Warrior - Chapter Thirty Eight

Leaning back into my pillow, I crossed my arms. "So, what would you like to know about me?"

Arnav flashed that small, polite smile of his. "It's funny; there were quite a few questions I had in mind, but now my mind seems to have blanked," he chuckled lightly.

"Oh?"

"Yeah," and he rubbed the back of his head with his hand, with an embarrassed chuckle. "But feel free to ask me anything if you'd like."

Hmm... ask him anything, huh?

What do I even ask about? I mean there's the whole twelve-years thing where him and his parents lived separately from the others, but do I even want to start that deep? Then there's the matter of his tattoos, but even that can be deep....

Who would've thought asking a question could be so damn difficult.

"Struggling as well," Arnav asked.

I shook my head from side to side. "So to say."

Arnav gives that soft smile of his, but it quickly changes as something comes to mind. "Oh, how about starting off with something simple - what made you get interested in business?"

Okay, that's not so bad. "Uh, well, that credit would have to go to Babuji," I simply said.

"Oh," Arnav nodded with acknowledgement.

Short answers aren't gonna work here, are they?

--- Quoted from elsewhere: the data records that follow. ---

(* Let $11/5\le\gamma\le9$ and consider the SIEMS7 method ($\mathrm{k}=7$) with coefficients defined as in the context. Then $\sigma_{\mathrm{F}}=1$, $\sigma_{\mathrm{E}}=\dfrac{|c(\pi)|}{|a(\pi)|}$, $$\lambda_{\mathrm{I}}=\frac{105(1-2\gamma)^6}{16(420\gamma^6-1050\gamma^4+1400\gamma^3-840\gamma^2+252\gamma-31)},$$ so that $\mathfrak{I}_{\mathrm{IE}}=\dfrac{(1-2\gamma)^6}{64\gamma^6+192\gamma^5-240\gamma^4+160\gamma^3-60\gamma^2+12\gamma-1}$.
   Context: The $\gamma$-parameterized SIEMS-$\mathrm{k}$ method has coefficients $a_j$ ($0\le j\le\mathrm{k}-1$), $b_j$ ($0\le j\le\mathrm{k}$), $c_j$ ($0\le j\le\mathrm{k}-1$) determined by the polynomial identities (in $\zeta$) $\sum_{j=0}^{\mathrm{k}-1}a_j\zeta^{\mathrm{k}-j-1}=\sum_{j=1}^{\mathrm{k}}\frac{f^{(j)}(1)}{j!}(\zeta-1)^{j-1}$ with $f(z)=(\gamma z-\gamma+1)^{\mathrm{k}-1}z\ln z$; $\sum_{j=0}^{\mathrm{k}}b_j\zeta^{\mathrm{k}-j}=\zeta(\gamma\zeta-\gamma+1)^{\mathrm{k}-1}$; $\sum_{j=0}^{\mathrm{k}-1}c_j\zeta^{\mathrm{k}-j-1}=\zeta(\gamma\zeta-\gamma+1)^{\mathrm{k}-1}-\gamma^{\mathrm{k}-1}(\zeta-1)^{\mathrm{k}}$. Define $a(\theta)=\sum_j a_je^{\imath j\theta}$, $b(\theta)=\sum_j b_je^{\imath j\theta}$, $c(\theta)=\sum_jc_je^{\imath j\theta}$, $\sigma_{\mathrm{F}}=\max_{\theta\in[0,2\pi)}|1/a(\theta)|$, $\sigma_{\mathrm{E}}=\max_{\theta\in[0,2\pi)}|c(\theta)/a(\theta)|$, $\lambda_{\mathrm{I}}=\min_{\theta\in[0,2\pi)}\Re[b(\theta)/a(\theta)]$, $\mathfrak{I}_{\mathrm{IE}}=\lambda_{\mathrm{I}}/\sigma_{\mathrm{E}}$. *)

From Stdlib Require Import Reals Arith Factorial.
From Coquelicot Require Import Coquelicot.
Open Scope R_scope.

Definition fSIEMS (k : nat) (g : R) (z : R) : R :=
  (g * z - g + 1) ^ (k - 1) * z * ln z.

Definition cexpi (t : R) : C := (cos t, sin t).

Definition trig_sum (p : nat -> R) (n : nat) (t : R) : C :=
  sum_n (fun j => Cmult (RtoC (p j)) (cexpi (INR j * t))) n.

Definition SIEMS_a_coeffs (k : nat) (g : R) (a : nat -> R) : Prop :=
  forall zeta : R,
    sum_f_R0 (fun j => a j * zeta ^ (k - j - 1)) (k - 1) =
    sum_f_R0 (fun i => Derive_n (fSIEMS k g) (S i) 1 / INR (fact (S i)) * (zeta - 1) ^ i)
             (k - 1).

Definition SIEMS_b_coeffs (k : nat) (g : R) (b : nat -> R) : Prop :=
  forall zeta : R,
    sum_f_R0 (fun j => b j * zeta ^ (k - j)) k = zeta * (g * zeta - g + 1) ^ (k - 1).

Definition SIEMS_c_coeffs (k : nat) (g : R) (c : nat -> R) : Prop :=
  forall zeta : R,
    sum_f_R0 (fun j => c j * zeta ^ (k - j - 1)) (k - 1) =
    zeta * (g * zeta - g + 1) ^ (k - 1) - g ^ (k - 1) * (zeta - 1) ^ k.

Definition is_max_of (S : R -> Prop) (v : R) : Prop := S v /\ forall x, S x -> x <= v.
Definition is_min_of (S : R -> Prop) (v : R) : Prop := S v /\ forall x, S x -> v <= x.

Definition range_0_2pi (F : R -> R) : R -> Prop :=
  fun v => exists t, 0 <= t < 2 * PI /\ v = F t.

(* Writing x = cos t, a trigonometric polynomial sum_j p_j e^(i j t) has real part
   sum_j p_j T_j(x) and imaginary part sin t * sum_j p_j U_(j-1)(x), so |a(t)|^2, |c(t)|^2
   and Re (b(t) conj a(t)) are polynomials in (x, gamma).  Each extremal claim becomes a
   polynomial inequality on [-1,1] x [11/5, 9] whose defect vanishes at the extremal point
   x = 1 (for sigma_F) or x = -1 (for sigma_E and lambda_I); after splitting off that linear
   factor, the quotient has positive coefficients in a tensor Bernstein basis of the box
   (of a subdivision of it, for sigma_F).  The coefficients a_j are obtained from the
   Taylor expansion at 1 of (gamma z - gamma + 1)^6 z ln z, via the Leibniz rule. *)

From Stdlib Require Import Reals Lra Lia Factorial ZArith List.
From Coquelicot Require Import Coquelicot.
Import ListNotations.
Open Scope R_scope.

Lemma is_derive_sum_f_R0 (f : nat -> R -> R) (df : nat -> R) (N : nat) (x : R) :
  (forall k, (k <= N)%nat -> is_derive (f k) x (df k)) ->
  is_derive (fun y => sum_f_R0 (fun k => f k y) N) x (sum_f_R0 df N).
Proof.
  intros Hf. rewrite <- sum_n_Reals.
  apply (is_derive_ext (fun y => sum_n (fun k => f k y) N)); [intro; apply sum_n_Reals|].
  apply (is_derive_sum_n f). exact Hf.
Qed.

Lemma sum_binomial_pascal (X : nat -> R) (n : nat) :
  sum_f_R0 (fun k => Binomial.C (S n) k * X k) (S n) =
  sum_f_R0 (fun k => Binomial.C n k * X k) n +
  sum_f_R0 (fun k => Binomial.C n k * X (S k)) n.
Proof.
  destruct n as [|m].
  - simpl. rewrite !C_n_0, (C_n_n 1). ring.
  - rewrite (decomp_sum _ (S (S m))), (decomp_sum (fun k => Binomial.C (S m) k * X k)) by lia.
    simpl pred.
    rewrite (tech5 (fun i => Binomial.C (S (S m)) (S i) * X (S i))),
      (tech5 (fun k => Binomial.C (S m) k * X (S k))), !C_n_0, !C_n_n.
    rewrite (sum_eq _ (fun i => Binomial.C (S m) i * X (S i) + Binomial.C (S m) (S i) * X (S i)))
      by (intros i Hi; rewrite <- pascal by lia; ring).
    rewrite plus_sum. ring.
Qed.

Lemma Derive_n_mult (D : R -> Prop) (F G : nat -> R -> R) :
  open D ->
  (forall k x, D x -> is_derive (F k) x (F (S k) x)) ->
  (forall k x, D x -> is_derive (G k) x (G (S k) x)) ->
  forall n x, D x ->
  Derive_n (fun y => F O y * G O y) n x =
  sum_f_R0 (fun k => Binomial.C n k * F k x * G (n - k)%nat x) n.
Proof.
  intros HD HF HG n. induction n as [|n IH]; intros x Hx.
  - simpl. rewrite C_n_0. ring.
  - simpl Derive_n.
    rewrite (Derive_ext_loc _
               (fun y => sum_f_R0 (fun k => Binomial.C n k * F k y * G (n - k)%nat y) n))
      by exact (locally_open D _ HD IH x Hx).
    apply is_derive_unique.
    rewrite (sum_eq _ (fun k => Binomial.C (S n) k * (F k x * G (S n - k)%nat x)))
      by (intros; ring).
    rewrite sum_binomial_pascal, <- plus_sum.
    apply is_derive_sum_f_R0. intros k Hk.
    apply (is_derive_ext (fun y => Binomial.C n k * (F k y * G (n - k)%nat y)));
      [intro; now rewrite Rmult_assoc|].
    replace (S n - k)%nat with (S (n - k)) by lia. simpl minus.
    rewrite <- Rmult_plus_distr_l, Rplus_comm.
    apply is_derive_scal.
    apply (is_derive_mult (F k) (G (n - k)%nat));
      [apply HF, Hx | apply HG, Hx | intros; apply Rmult_comm].
Qed.

Definition monomial_deriv (a : R) (m k : nat) (z : R) : R :=
  if (k <=? m)%nat then INR (fact m) / INR (fact (m - k)) * (z - a) ^ (m - k) else 0.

Well he did just say that he wanted to spend time for us to get to know each other better....

"I liked seeing him all suited up," I elaborated. "One of my early memories is of him in this nice tuxedo with a tie and pocket square set and he just looked so ready for business and like nothing could stop him. There was a confidence to him, and he reminded me of men you would see on TV and it made me very curious, especially since he would go out and Amma, Payal and I would stay behind. Then, one day, I said- no, I demanded to be taken along with him."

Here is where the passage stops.